● Data for analysis
Lemma dotpZBZ a c x y : dotp (a *: x - c *: y) (a *: x - c *: y) =
  a ^+ 2 * dotp x x - 2 * a * c * dotp x y + c ^+ 2 * dotp y y.
Proof.
rewrite /dotp !mulr_sumr -sumrB -big_split /=; apply: eq_bigr => i _.
by rewrite !mxE; ring.
Qed.

Lemma enorm_sqr x : enorm x ^+ 2 = dotp x x.
Proof. exact/sqr_sqrtr/dotp_ge0. Qed.

Lemma enorm_eq0 x : (enorm x == 0) = (x == 0).
Proof. by rewrite sqrtr_eq0 le_eqVlt ltNge dotp_ge0 orbF dotp_eq0. Qed.

Lemma enorm_gt0 x : (0 < enorm x) = (x != 0).
Proof. by rewrite lt_def enorm_eq0 sqrtr_ge0 andbT. Qed.

Lemma dotpZ a x : dotp (a *: x) (a *: x) = a ^+ 2 * dotp x x.
Proof. by rewrite /dotp mulr_sumr; apply: eq_bigr => i _; rewrite !mxE; ring. Qed.

Lemma enormZ a x : enorm (a *: x) = `|a| * enorm x.
Proof. by rewrite /enorm dotpZ sqrtrM ?sqr_ge0 // sqrtr_sqr. Qed.

Lemma dotp_le_enorm x y : dotp x y <= enorm x * enorm y.
Proof.
have [->|x0] := eqVneq x 0; first by rewrite dotp0r mulr_ge0 ?sqrtr_ge0.
have [->|y0] := eqVneq y 0; first by rewrite dotpr0 mulr_ge0 ?sqrtr_ge0.
have := dotp_ge0 (enorm y *: x - enorm x *: y).
have -> : dotp (enorm y *: x - enorm x *: y) (enorm y *: x - enorm x *: y) =
    2 * (enorm x * enorm y) * (enorm x * enorm y - dotp x y).
  by rewrite dotpZBZ -!enorm_sqr; ring.
by rewrite pmulr_rge0 ?subr_ge0 // mulr_gt0 ?ltr0Sn // mulr_gt0 ?enorm_gt0.
Qed.

Lemma dotpl_continuous y : continuous (fun x : vec => dotp x y).
Proof.
apply: (@continuous_big R _ +%R 0 xpredT) => [[a b]|i _ x].
  exact: add_continuous.
exact: cvgMr_tmp (@coord_continuous R 1 n ord0 i x).
Qed.
(** * Necessity: unitary intertwiners *)

Lemma l2norm2_dirichlet_shift T (Hlf : locally_finite T) (Hll : leafless T) G l :
  l2norm2 T G l -> l2norm2 T (dirichlet_shift T 1 G) l.
Proof.
  assert (Hlev : forall N, lsum (fun x => Cnorm2 (dirichlet_shift T 1 G x)) (levels_upto T (S N))
                           = lsum (fun x => Cnorm2 (G x)) (levels_upto T N)).
  { intros N. rewrite !lsum_levels_upto. change (seq 0 (S (S N))) with (0%nat :: seq 1 (S N)).
    rewrite lsum_cons, <- seq_shift, lsum_map.
    replace (lsum (fun x => Cnorm2 (dirichlet_shift T 1 G x)) (level T 0)) with 0
      by (cbn; unfold dirichlet_shift; rewrite par_root; unfold Cnorm2, C0; cbn; ring).
    rewrite Rplus_0_l. apply lsum_ext. intros n _.
    rewrite (lsum_ext _ (fun x => rshift T (re_part G) x * rshift T (re_part G) x
                                 + rshift T (im_part G) x * rshift T (im_part G) x)).
    - rewrite lsum_plus, !lsum_rshift_mul_rshift, <- lsum_plus by auto. reflexivity.
    - intros x _. rewrite <- re_part_dirichlet_shift, <- im_part_dirichlet_shift. reflexivity. }
  intros H. apply l2norm2_levels_upto in H; auto. apply l2norm2_levels_upto; auto.
  intros e He. destruct (H e He) as [M HM]. exists (S M). intros n Hn. destruct n; [lia|].
  rewrite Hlev. apply HM. lia.
Qed.

Lemma in_l2_wandering T (Hlf : locally_finite T) (Hll : leafless T) i : in_l2 T (of_real (wandering T i)).
Proof. exists 1. apply (l2norm2_basis T Hlf Hll (O, i)). Qed.

Section Intertwiner.

Variables (T1 T2 : rtree) (Hlf1 : locally_finite T1) (Hll1 : leafless T1)
  (Hlf2 : locally_finite T2) (Hll2 : leafless T2) (U : (V T1 -> C) -> (V T2 -> C)).
Hypotheses
  (HU_l2 : forall f, in_l2 T1 f -> in_l2 T2 (U f))
  (HU_lin : forall (a : C) f g, in_l2 T1 f -> in_l2 T1 g ->
     forall u, U (fun x => Cadd (Cmul a (f x)) (g x)) u = Cadd (Cmul a (U f u)) (U g u))
  (HU_iso : forall f l, in_l2 T1 f -> l2norm2 T1 f l -> l2norm2 T2 (U f) l)
  (HU_onto : forall g, in_l2 T2 g -> exists f, in_l2 T1 f /\ forall u, U f u = g u)
  (HU_shift : forall f, in_l2 T1 f -> forall u, U (dirichlet_shift T1 1 f) u = dirichlet_shift T2 1 (U f) u).

Lemma U_comb a f h : in_l2 T1 f -> in_l2 T1 h ->
  U (fun x => Cadd (Cmul a (h x)) (f x)) = (fun x => Cadd (Cmul a (U h x)) (U f x)).
Proof. intros Hf Hh. extensionality u. apply HU_lin; auto. Qed.

Lemma orthogonal_of_image f h : in_l2 T1 f -> in_l2 T1 h -> orthogonal T2 (U f) (U h) -> orthogonal T1 f h.
Proof.
  intros Hf Hh Ho a l1 l2 l3 H1 H2 H3. apply (Ho a); try (apply HU_iso; auto).
  rewrite <- U_comb by auto. apply HU_iso; auto. exists l3; auto.
Qed.

Lemma orthogonal_image f h : in_l2 T1 f -> in_l2 T1 h -> (forall a, in_l2 T1 (fun x => Cadd (Cmul a (h x)) (f x))) ->
  orthogonal T1 f h -> orthogonal T2 (U f) (U h).
Proof.
  intros Hf Hh Hc Ho a l1 l2 l3 H1 H2 H3.
  pose proof Hf as [l1' Hf']. pose proof Hh as [l2' Hh']. destruct (Hc a) as [l3' H3'].
  assert (E3 : l2norm2 T2 (fun x => Cadd (Cmul a (U h x)) (U f x)) l3')
    by (rewrite <- U_comb by auto; apply HU_iso; auto; eexists; eauto).
  rewrite (l2norm2_unique _ _ _ _ H1 (HU_iso _ _ Hf Hf')), (l2norm2_unique _ _ _ _ H2 (HU_iso _ _ Hh Hh')),
    (l2norm2_unique _ _ _ _ H3 E3).
  apply (Ho a); auto.
Qed.

(* Preimages of an orthonormal family of wandering vectors of [T2] are orthonormal and wandering in [T1]. *)
Lemma excess_target_length_le (ls1 : list (excess T1)) (Hls1 : Listing ls1) (l2 : list (excess T2)) :
  NoDup l2 -> (length l2 <= length ls1)%nat.
Proof.
  intros Hn2.
  set (F := fun k : windex T2 => epsilon (inhabits (fun _ : V T1 => C0))
                                          (fun f => in_l2 T1 f /\ forall u, U f u = of_real (wandering T2 k) u)).
  assert (FS : forall k, in_l2 T1 (F k) /\ forall u, U (F k) u = of_real (wandering T2 k) u)
    by (intros k; apply epsilon_spec, HU_onto, in_l2_wandering; auto).
  assert (FU : forall k, U (F k) = of_real (wandering T2 k)) by (intros k; extensionality u; apply FS).
  enough (length (windex_list l2) <= S (length ls1))%nat by (rewrite length_windex_list in H; lia).
  apply (wandering_family_length_le T1 Hlf1 Hll1 ls1 Hls1 (windex_list l2) F); [apply windex_list_NoDup; auto| | |].
  - intros k _. destruct (proj1 (FS k)) as [l Hl]. pose proof (HU_iso _ _ (proj1 (FS k)) Hl) as HU.
    rewrite FU in HU. rewrite (l2norm2_unique _ _ _ _ HU (l2norm2_basis T2 Hlf2 Hll2 (O, k))) in Hl. exact Hl.
  - intros k k' _ _ Hne. apply orthogonal_of_image; try apply FS. rewrite !FU.
    apply orthogonal_of_cross, wandering_cross; auto.
  - intros k _ n i. apply coef_S_orthogonal; auto; [apply FS|].
    apply orthogonal_of_image; [apply FS|exists 1; apply l2norm2_basis; auto|].
    rewrite FU, basis_S, <- dirichlet_shift_of_real.
    replace (U (dirichlet_shift T1 1 (of_real (basis T1 (n, i)))))
      with (dirichlet_shift T2 1 (U (of_real (basis T1 (n, i)))))
      by (extensionality u; symmetry; apply HU_shift; exists 1; apply l2norm2_basis; auto).
    apply orthogonal_of_cross, wandering_shift_cross; auto.
Qed.
Lemma countable_row_support {a : P1 O -> P1 O} :
  countable (total_support a) -> countable (row_support a).
Proof.
  destruct (choice (fun eta (jn : nat * nat) =>
              row_support a eta -> acts_nontriv a (eta, fst jn, snd jn))) as [jn Hjn].
  { intro eta; destruct (classic (row_support a eta)) as [[j [n Hjn]]|N].
    - exists (j, n); auto.
    - exists (0, 0); tauto. }
  apply countable_preimage with (F := fun eta => (eta, fst (jn eta), snd (jn eta))).
  - intros x y _ _ [= E]; exact E.
  - exact Hjn.
Qed.

Lemma relabel_act_invK (pi : relabeling O) (p : P1 O) :
  relabel_act_inv pi (relabel_act pi p) = p.
Proof.
  destruct p as [p p_fin]; apply eq_sig_hprop; [intros; apply proof_irrelevance|].
  apply functional_extensionality; intro c; simpl; rewrite rl_gf; reflexivity.
Qed.

Section Conjugate.
Variables (pi : relabeling O) (g h : P1 O -> P1 O).
Hypothesis h_conj : forall p, h p = relabel_act pi (g (relabel_act_inv pi p)).

Lemma acts_nontriv_conj (c : coord O) :
  acts_nontriv g c -> acts_nontriv h (rl_f pi c).
Proof.
  intros [p Hp]; exists (relabel_act pi p).
  rewrite h_conj, relabel_act_invK; simpl; rewrite !rl_gf; exact Hp.
Qed.

Lemma countable_total_support_conj :
  countable (total_support h) -> countable (total_support g).
Proof.
  apply countable_preimage with (F := rl_f pi).
  - intros x y _ _ E; rewrite <- (rl_gf pi x), E, rl_gf; reflexivity.
  - exact acts_nontriv_conj.
Qed.

End Conjugate.
End Automorphisms.

Theorem proposition2p11 (O : omega1) (rho : O -> O) (Hrho : regressive rho) :
  (exists g, G1cas rho g /\ stationary (row_support g)
             /\ ~ countable (row_support g) /\ ~ countable (total_support g)) /\
  (forall (pi : relabeling O) (H : (P1 O -> P1 O) -> Prop),
     (forall h, H h -> countable (total_support h)) ->
     ~ (forall g, conjG pi (G1cas rho) g -> exists h, H h /\ forall p, h p = g p)).
Proof.
  destruct (regressive_stationary_fiber Hrho) as [xi Succ_stat].
  pose (g := tau1cas rho xi 0 (fun n => n = 0)).
  assert (g_in : G1cas rho g).
  { apply G1_tau; left; exists (0 :: nil); intros n ->; left; reflexivity. }
  assert (row_stat : stationary (row_support g)).
  { apply (stationary_sub Succ_stat); intro eta.
    apply Succ_sub_row_support_tau1cas with (n := 0); reflexivity. }
  assert (row_unc : ~ countable (row_support g)) by exact (stationary_not_countable row_stat).
  assert (total_unc : ~ countable (total_support g)).
  { intro total_count; exact (row_unc (countable_row_support total_count)). }
  split; [exists g; auto|].
  intros pi H H_countable H_conj.
  destruct (H_conj (fun p => relabel_act pi (g (relabel_act_inv pi p)))) as [h [Hh h_eq]].
  { exists g; auto. }
  exact (total_unc (countable_total_support_conj _ _ _ h_eq (H_countable h Hh))).
Qed.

● What is required
Note down each line above where the word "Section" occurs.

● Your response
Section Intertwiner.
Section Conjugate.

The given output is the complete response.